> _What to produce_
Everything from the first line of the material below through the line containing "- assert (g" must be retyped exactly, and nothing past it.

> _The data_
......

Lemma rsum_ext n g h : (forall j, (j < n)%nat -> g j = h j) -> rsum n g = rsum n h.
Proof.
  induction n as [|n IH]; intros H; simpl; [reflexivity|].
  rewrite IH by (intros; apply H; lia). rewrite H by lia. reflexivity.
Qed.

Lemma rsum_plus n g h : rsum n (fun j => g j + h j) = rsum n g + rsum n h.
Proof. induction n as [|n IH]; simpl; [lra|rewrite IH; ring]. Qed.

Lemma rsum_scal n a g : rsum n (fun j => a * g j) = a * rsum n g.
Proof. induction n as [|n IH]; simpl; [ring|rewrite IH; ring]. Qed.

Lemma rsum_scalr n a g : rsum n (fun j => g j * a) = rsum n g * a.
Proof. induction n as [|n IH]; simpl; [ring|rewrite IH; ring]. Qed.

Lemma rsum_swap n m g :
  rsum n (fun a => rsum m (fun b => g a b)) = rsum m (fun b => rsum n (fun a => g a b)).
Proof.
  induction n as [|n IH]; simpl.
  - induction m as [|m IHm]; simpl; [reflexivity|rewrite <- IHm; ring].
  - rewrite IH, <- rsum_plus. reflexivity.
Qed.

Lemma rsum_nonneg n g : (forall j, (j < n)%nat -> 0 <= g j) -> 0 <= rsum n g.
Proof.
  induction n as [|n IH]; intros H; simpl; [lra|].
  assert (0 <= rsum n g) by (apply IH; intros; apply H; lia).
  pose proof (H n ltac:(lia)). lra.
Qed.

Lemma rsum_le n g h : (forall j, (j < n)%nat -> g j <= h j) -> rsum n g <= rsum n h.
Proof.
  induction n as [|n IH]; intros H; simpl; [lra|].
  assert (rsum n g <= rsum n h) by (apply IH; intros; apply H; lia).
  pose proof (H n ltac:(lia)). lra.
Qed.

Lemma rsum_ge_term n g j :
  (forall k, (k < n)%nat -> 0 <= g k) -> (j < n)%nat -> g j <= rsum n g.
Proof.
  induction n as [|n IH]; intros H Hj; simpl; [lia|].
  destruct (Nat.eq_dec j n) as [->|Hne].
  - assert (0 <= rsum n g) by (apply rsum_nonneg; intros; apply H; lia). lra.
  - assert (g j <= rsum n g) by (apply IH; [intros; apply H; lia|lia]).
    pose proof (H n ltac:(lia)). lra.
Qed.

Lemma rsum_upd n g j d : (j < n)%nat ->
  rsum n (fun k => if Nat.eqb k j then g k + d else g k) = rsum n g + d.
Proof.
  induction n as [|n IH]; intros Hj; simpl; [lia|].
  destruct (Nat.eq_dec j n) as [->|Hne].
  - rewrite Nat.eqb_refl, (rsum_ext n _ g); [ring|].
    intros k Hk. destruct (Nat.eqb_spec k n); [lia|reflexivity].
  - rewrite IH by lia. destruct (Nat.eqb_spec n j); [lia|ring].
Qed.

Definition nncomb (p N : nat) (z : nat -> vec) (y : vec) (s : R) : Prop :=
  exists lam : nat -> R,
    (forall j, (j < N)%nat -> 0 <= lam j) /\ rsum N lam = s /\
    veq p y (vsum N (fun j => vscale (lam j) (z j))).

Lemma nncomb_weight_nonneg p N z y s : nncomb p N z y s -> 0 <= s.
Proof. intros [lam [H1 [H2 _]]]. rewrite <- H2. apply rsum_nonneg; auto. Qed.

Lemma nncomb_split p N z y s :
  nncomb p (S N) z y s <->
  exists mu, 0 <= mu /\ nncomb p N z (vsub y (vscale mu (z N))) (s - mu).
Proof.
  split.
  - intros [lam [H1 [H2 H3]]]. exists (lam N). split; [apply H1; lia|].
    exists lam. split; [intros; apply H1; lia|]. split.
    + simpl in H2. lra.
    + intros m Hm. unfold vsub. rewrite H3 by lia. simpl. unfold vadd, vscale. ring.
  - intros [mu [Hmu [lam [H1 [H2 H3]]]]].
    exists (fun k => if Nat.eqb k N then mu else lam k). split; [|split].
    + intros k Hk. destruct (Nat.eqb_spec k N); [lra|apply H1; lia].
    + simpl. rewrite Nat.eqb_refl, (rsum_ext N _ lam); [lra|].
      intros k Hk. destruct (Nat.eqb_spec k N); [lia|reflexivity].
    + intros m Hm. pose proof (H3 m Hm) as Hy. unfold vsub, vscale in Hy.
      simpl. unfold vadd. rewrite Nat.eqb_refl. rewrite !vsum_coord in *.
      rewrite (rsum_ext N _ (fun j => vscale (lam j) (z j) m)).
      * unfold vscale. lra.
      * intros k Hk. destruct (Nat.eqb_spec k N); [lia|reflexivity].
Qed.

Lemma nncomb_scale p N z y s a s' :
  0 <= a -> s' = a * s -> nncomb p N z y s -> nncomb p N z (vscale a y) s'.
Proof.
  intros Ha -> [lam [H1 [H2 H3]]]. exists (fun k => a * lam k). split; [|split].
  - intros k Hk. pose proof (H1 k Hk). nra.
  - rewrite rsum_scal, H2. reflexivity.
  - intros m Hm. unfold vscale at 1. rewrite H3 by lia. rewrite !vsum_coord.
    unfold vscale. rewrite <- rsum_scal. apply rsum_ext. intros; ring.
Qed.

Lemma nncomb_remove p N z y s lam j c :
  (forall k, (k < N)%nat -> 0 <= lam k) -> rsum N lam = s ->
  veq p y (vsum N (fun k => vscale (lam k) (z k))) -> (j < N)%nat -> c <= lam j ->
  nncomb p N z (vsub y (vscale c (z j))) (s - c).
Proof.
  intros H1 H2 H3 Hj Hc.
  exists (fun k => if Nat.eqb k j then lam k + - c else lam k). split; [|split].
  - intros k Hk. destruct (Nat.eqb_spec k j); [subst; lra|auto].
  - rewrite rsum_upd by lia. lra.
  - intros m Hm. unfold vsub, vscale. rewrite H3 by lia. rewrite !vsum_coord. unfold vscale.
    rewrite (rsum_ext N (fun k => (if Nat.eqb k j then lam k + - c else lam k) * z k m)
      (fun k => if Nat.eqb k j
      then lam k * z k m + (- c * z j m) else lam k * z k m)).
    + rewrite rsum_upd by lia. ring.
    + intros k Hk. destruct (Nat.eqb_spec k j); [subst; ring|reflexivity].
Qed.

Lemma nncomb_trans p N M z z' y s :
  (forall k, (k < M)%nat -> nncomb p N z (z' k) 1) ->
  nncomb p M z' y s -> nncomb p N z y s.
Proof.
  intros Hz [mu [H1 [H2 H3]]].
  destruct (choice (fun k (lam : nat -> R) => (k < M)%nat ->
      (forall j, (j < N)%nat -> 0 <= lam j) /\ rsum N lam = 1 /\
      veq p (z' k) (vsum N (fun j => vscale (lam j) (z j)))))
    as [L HL].
  { intros k. destruct (Compare_dec.lt_dec k M) as [Hk|Hk].
    - destruct (Hz k Hk) as [lam Hl]. exists lam. auto.
    - exists (fun _ => 0). intros; lia. }
  exists (fun j => rsum M (fun k => mu k * L k j)). split; [|split].
  - intros j Hj. apply rsum_nonneg. intros k Hk. destruct (HL k Hk) as [Hl _].
    pose proof (Hl j Hj). pose proof (H1 k Hk). nra.
  - rewrite rsum_swap, <- H2. apply rsum_ext. intros k Hk.
    rewrite rsum_scal. destruct (HL k Hk) as [_ [-> _]]. ring.
  - intros m Hm. rewrite H3 by auto. rewrite !vsum_coord. unfold vscale.
    rewrite (rsum_ext M _ (fun k => rsum N (fun j => mu k * L k j * z j m))).
    + rewrite rsum_swap. apply rsum_ext. intros j Hj. rewrite <- rsum_scalr. reflexivity.
    + intros k Hk. destruct (HL k Hk) as [_ [_ Hv]]. rewrite Hv by auto.
      rewrite vsum_coord. unfold vscale. rewrite <- rsum_scal. apply rsum_ext. intros; ring.
Qed.

Definition close (p : nat) (y b : vec) (e : R) : Prop :=
  forall k, (k < p)%nat -> Rabs (y k - b k) < e.

Definition approx_nncomb (p N : nat) (z : nat -> vec) (b : vec) (sg : R) : Prop :=
  forall e, 0 < e -> exists y s,
    nncomb p N z y s /\ Rabs (s - sg) < e /\ close p y b e.

Lemma small_is_zero a : (forall e, 0 < e -> Rabs a < e) -> a = 0.
Proof.
  intros H. destruct (Req_dec a 0) as [|Hn]; auto.
  pose proof (H (Rabs a) (Rabs_pos_lt a Hn)). lra.
Qed.

Definition accuracy (n : nat) : R := / (INR n + 1).

Lemma accuracy_bounds n : 0 < accuracy n <= 1.
Proof.
  unfold accuracy. pose proof (pos_INR n). split.
  - apply Rinv_0_lt_compat. lra.
  - rewrite <- Rinv_1. apply Rinv_le_contravar; lra.
Qed.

......

> _Problem solution_
Lemma rsum_ext n g h : (forall j, (j < n)%nat -> g j = h j) -> rsum n g = rsum n h.
Proof.
  induction n as [|n IH]; intros H; simpl; [reflexivity|].
  rewrite IH by (intros; apply H; lia). rewrite H by lia. reflexivity.
Qed.

Lemma rsum_plus n g h : rsum n (fun j => g j + h j) = rsum n g + rsum n h.
Proof. induction n as [|n IH]; simpl; [lra|rewrite IH; ring]. Qed.

Lemma rsum_scal n a g : rsum n (fun j => a * g j) = a * rsum n g.
Proof. induction n as [|n IH]; simpl; [ring|rewrite IH; ring]. Qed.

Lemma rsum_scalr n a g : rsum n (fun j => g j * a) = rsum n g * a.
Proof. induction n as [|n IH]; simpl; [ring|rewrite IH; ring]. Qed.

Lemma rsum_swap n m g :
  rsum n (fun a => rsum m (fun b => g a b)) = rsum m (fun b => rsum n (fun a => g a b)).
Proof.
  induction n as [|n IH]; simpl.
  - induction m as [|m IHm]; simpl; [reflexivity|rewrite <- IHm; ring].
  - rewrite IH, <- rsum_plus. reflexivity.
Qed.

Lemma rsum_nonneg n g : (forall j, (j < n)%nat -> 0 <= g j) -> 0 <= rsum n g.
Proof.
  induction n as [|n IH]; intros H; simpl; [lra|].
  assert (0 <= rsum n g) by (apply IH; intros; apply H; lia).
  pose proof (H n ltac:(lia)). lra.
Qed.

Lemma rsum_le n g h : (forall j, (j < n)%nat -> g j <= h j) -> rsum n g <= rsum n h.
Proof.
  induction n as [|n IH]; intros H; simpl; [lra|].
  assert (rsum n g <= rsum n h) by (apply IH; intros; apply H; lia).
  pose proof (H n ltac:(lia)). lra.
Qed.

Lemma rsum_ge_term n g j :
  (forall k, (k < n)%nat -> 0 <= g k) -> (j < n)%nat -> g j <= rsum n g.
Proof.
  induction n as [|n IH]; intros H Hj; simpl; [lia|].
  destruct (Nat.eq_dec j n) as [->|Hne].
  - assert (0 <= rsum n g) by (apply rsum_nonneg; intros; apply H; lia). lra.
  - assert (g j <= rsum n g) by (apply IH; [intros; apply H; lia|lia]).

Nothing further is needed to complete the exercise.